DATA TO USE:
(* H is compatible with multiplication because Sigma0 is multiplicatively
   closed up to M and the kernel of gamma: a witness x1 < ex of x in Sigma0
   gives x1 z <= e(xz) with the same gamma-value, which is either a witness
   for xz or equal to e(xz), and then xz is ghost.  Ghost classes of U/H are ordered as
   N, and the supertropical sum of representatives respects H: if
   gamma(ex) = gamma(ey) but ex < ey, then y lies in M or Sigma0, hence y ~ ex.  Conversely a homomorphism beta covering gamma sends each x in M,
   in Sigma0, or with gamma(ex) = 0 to gamma(ex) (for x in Sigma0 with witness
   x1, beta x = beta (x + x1) = beta x + e beta x = e beta x), so beta is
   constant on H-classes and factors uniquely through pi_H. *)

From mathcomp Require Import all_boot all_algebra.
From Stdlib Require Import ClassicalEpsilon ProofIrrelevance FunctionalExtensionality PropExtensionality.
Set Implicit Arguments. Unset Strict Implicit. Unset Printing Implicit Defensive.
Import GRing.Theory.
Local Open Scope ring_scope.

Section SupertropicalAddition.
Variable S : STops.
Local Notation eS x := (st_mul (st_e S) x).

Lemma st_add_ltr (x y : S) : st_lt (eS x) (eS y) -> st_add x y = y.
Proof. by move=> lt; rewrite /st_add /=; destruct excluded_middle_informative. Qed.

Lemma st_add_nlt (x y : S) :
  ~ st_lt (eS x) (eS y) -> ~ st_lt (eS y) (eS x) -> st_add x y = eS x.
Proof.
move=> nxy nyx; rewrite /st_add /=.
by do 2 destruct excluded_middle_informative.
Qed.

Lemma st_add_eq (x y : S) : eS x = eS y -> st_add x y = eS x.
Proof. by move=> exy; apply: st_add_nlt; rewrite exy => -[]. Qed.

Hypothesis HM : is_st_monoid S.

Lemma ghost_e (x : S) : ghost (eS x).
Proof. by rewrite /ghost (stm_mulA HM) (stm_ee HM). Qed.

Lemma ghost_mulr (x z : S) : ghost x -> ghost (st_mul x z).
Proof. by rewrite /ghost (stm_mulA HM) => ->. Qed.

Lemma ghost_add (x y : S) : ghost x -> ghost y -> ghost (st_add x y).
Proof.
move=> gx gy; rewrite /st_add /=.
by do 2 destruct excluded_middle_informative => //; apply: ghost_e.
Qed.
Lemma expS_mod_onto t : t = 1 %[mod p] -> exists k, p.+1 ^ k = t %[mod p ^ n].
Proof.
(* A residue congruent to 1 modulo p is determined modulo p ^ n by its digit
   (m %% p ^ n) %/ p < p ^ n.-1, so k |-> digit (p.+1 ^ k) injects 'I_N into
   itself and is therefore onto. *)
move=> t1; pose N := (p ^ n.-1)%N.
have pnE : (p ^ n = N * p)%N by rewrite -expnSr prednK // ltnW.
pose digit m := (m %% p ^ n) %/ p.
have digit_lt m : digit m < N.
  by rewrite ltn_divLR ?prime_gt0 // -pnE ltn_pmod // ltnW.
have digitK m1 m2 : m1 = 1 %[mod p] -> m2 = 1 %[mod p] ->
    digit m1 = digit m2 -> m1 = m2 %[mod p ^ n].
  have dvd_p_pn : p %| p ^ n by rewrite pnE dvdn_mull.
  move=> e1 e2 e; rewrite (divn_eq (m1 %% _) p) (divn_eq (m2 %% _) p) -/(digit _).
  by rewrite -/(digit m2) e !modn_dvdm // e1 e2.
pose f (k : 'I_N) : 'I_N := Ordinal (digit_lt (p.+1 ^ k)%N).
have f_inj : injective f.
  move=> k1 k2 /(congr1 val)/(digitK _ _ (expS_mod _ _) (expS_mod _ _))/eqP.
  by rewrite expS_eq_mod !modn_small // => /eqP/val_inj.
have [k /(congr1 val) fk] := codomP (injF_onto f_inj (Ordinal (digit_lt t))).
by exists k; apply: digitK (expS_mod _ _) t1 _.
Qed.

Lemma expS_addn_mod b1 b2 :
  exists b3, p.+1 ^ b1 + p.+1 ^ b2 = p.+1 ^ b3 + 1 %[mod p ^ n].
Proof.
have /eqP dvd_p : p %| p.+1 ^ b2 - 1 by rewrite -eqn_mod_dvd ?expn_gt0 ?expS_mod.
have [|b3 e] := expS_mod_onto (t := p.+1 ^ b1 + (p.+1 ^ b2 - 1))%N.
  by rewrite -modnDm dvd_p addn0 modn_mod expS_mod.
by exists b3; rewrite -[in RHS]modnDml e modnDml -addnA subnK // expn_gt0.
Qed.

End PowersOfSuccPrime.

Section TwistedConjugation.

Variables (gT : finGroupType) (A : {group gT}) (g : gT).
Hypotheses (cAA : abelian A) (nAg : g \in 'N(A)).

Definition twisted_conj (z : gT) : gT := z^-1 * (g * z * g^-1).

Lemma twisted_conj_mem u : u \in A -> twisted_conj u \in A.
Proof.
move=> Au; rewrite groupM ?groupV //.
have -> : g * u * g^-1 = u ^ g^-1 by rewrite conjgE invgK mulgA.
by rewrite memJ_norm ?groupV.
Qed.

Lemma twisted_conjM v u :
  twisted_conj v \in A -> u \in A -> twisted_conj (v * u) = twisted_conj v * twisted_conj u.
Proof.
move=> Av Au; have -> : twisted_conj (v * u) = u^-1 * twisted_conj v * (g * u * g^-1).
  by rewrite /twisted_conj invMg !mulgA mulgKV.
by rewrite (centsP cAA _ (groupVr Au) _ Av) -mulgA.
Qed.

End TwistedConjugation.

Section ConjugationByPower.

Variables (gT : finGroupType) (x w : gT) (r : nat).
Hypothesis xw : x ^ w = x ^+ r.

Lemma conjXg_expn c b : (x ^+ c) ^ (w ^+ b) = x ^+ (c * r ^ b).
Proof.
elim: b => [|b IHb]; first by rewrite expg0 conjg1 expn0 muln1.
by rewrite expgSr conjgM IHb conjXg xw -expgM expnS mulnCA mulnA.
Qed.

Lemma cycle_join_norm : <[x]> <*> <[w]> \subset 'N(<[x]>).
Proof. by rewrite join_subG normG norms_cycle xw mem_cycle. Qed.

Lemma cycle_joinE : <[x]> <*> <[w]> = <[x]> * <[w]> :> {set gT}.
Proof. by rewrite norm_joinEr // norms_cycle xw mem_cycle. Qed.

AIM OF THE EXERCISE:
Write out only those lines of the entries that lie between the line containing "End PowersOfSuccPrime." and the last line, inclusive, reproducing them exactly.

YOUR SOLUTION:
End PowersOfSuccPrime.

Section TwistedConjugation.

Variables (gT : finGroupType) (A : {group gT}) (g : gT).
Hypotheses (cAA : abelian A) (nAg : g \in 'N(A)).

Definition twisted_conj (z : gT) : gT := z^-1 * (g * z * g^-1).

Lemma twisted_conj_mem u : u \in A -> twisted_conj u \in A.
Proof.
move=> Au; rewrite groupM ?groupV //.
have -> : g * u * g^-1 = u ^ g^-1 by rewrite conjgE invgK mulgA.
by rewrite memJ_norm ?groupV.
Qed.

Lemma twisted_conjM v u :
  twisted_conj v \in A -> u \in A -> twisted_conj (v * u) = twisted_conj v * twisted_conj u.
Proof.
move=> Av Au; have -> : twisted_conj (v * u) = u^-1 * twisted_conj v * (g * u * g^-1).
  by rewrite /twisted_conj invMg !mulgA mulgKV.
by rewrite (centsP cAA _ (groupVr Au) _ Av) -mulgA.
Qed.

End TwistedConjugation.

Section ConjugationByPower.

Variables (gT : finGroupType) (x w : gT) (r : nat).
Hypothesis xw : x ^ w = x ^+ r.

Lemma conjXg_expn c b : (x ^+ c) ^ (w ^+ b) = x ^+ (c * r ^ b).
Proof.
elim: b => [|b IHb]; first by rewrite expg0 conjg1 expn0 muln1.
by rewrite expgSr conjgM IHb conjXg xw -expgM expnS mulnCA mulnA.
Qed.

Lemma cycle_join_norm : <[x]> <*> <[w]> \subset 'N(<[x]>).
Proof. by rewrite join_subG normG norms_cycle xw mem_cycle. Qed.

Lemma cycle_joinE : <[x]> <*> <[w]> = <[x]> * <[w]> :> {set gT}.
Proof. by rewrite norm_joinEr // norms_cycle xw mem_cycle. Qed.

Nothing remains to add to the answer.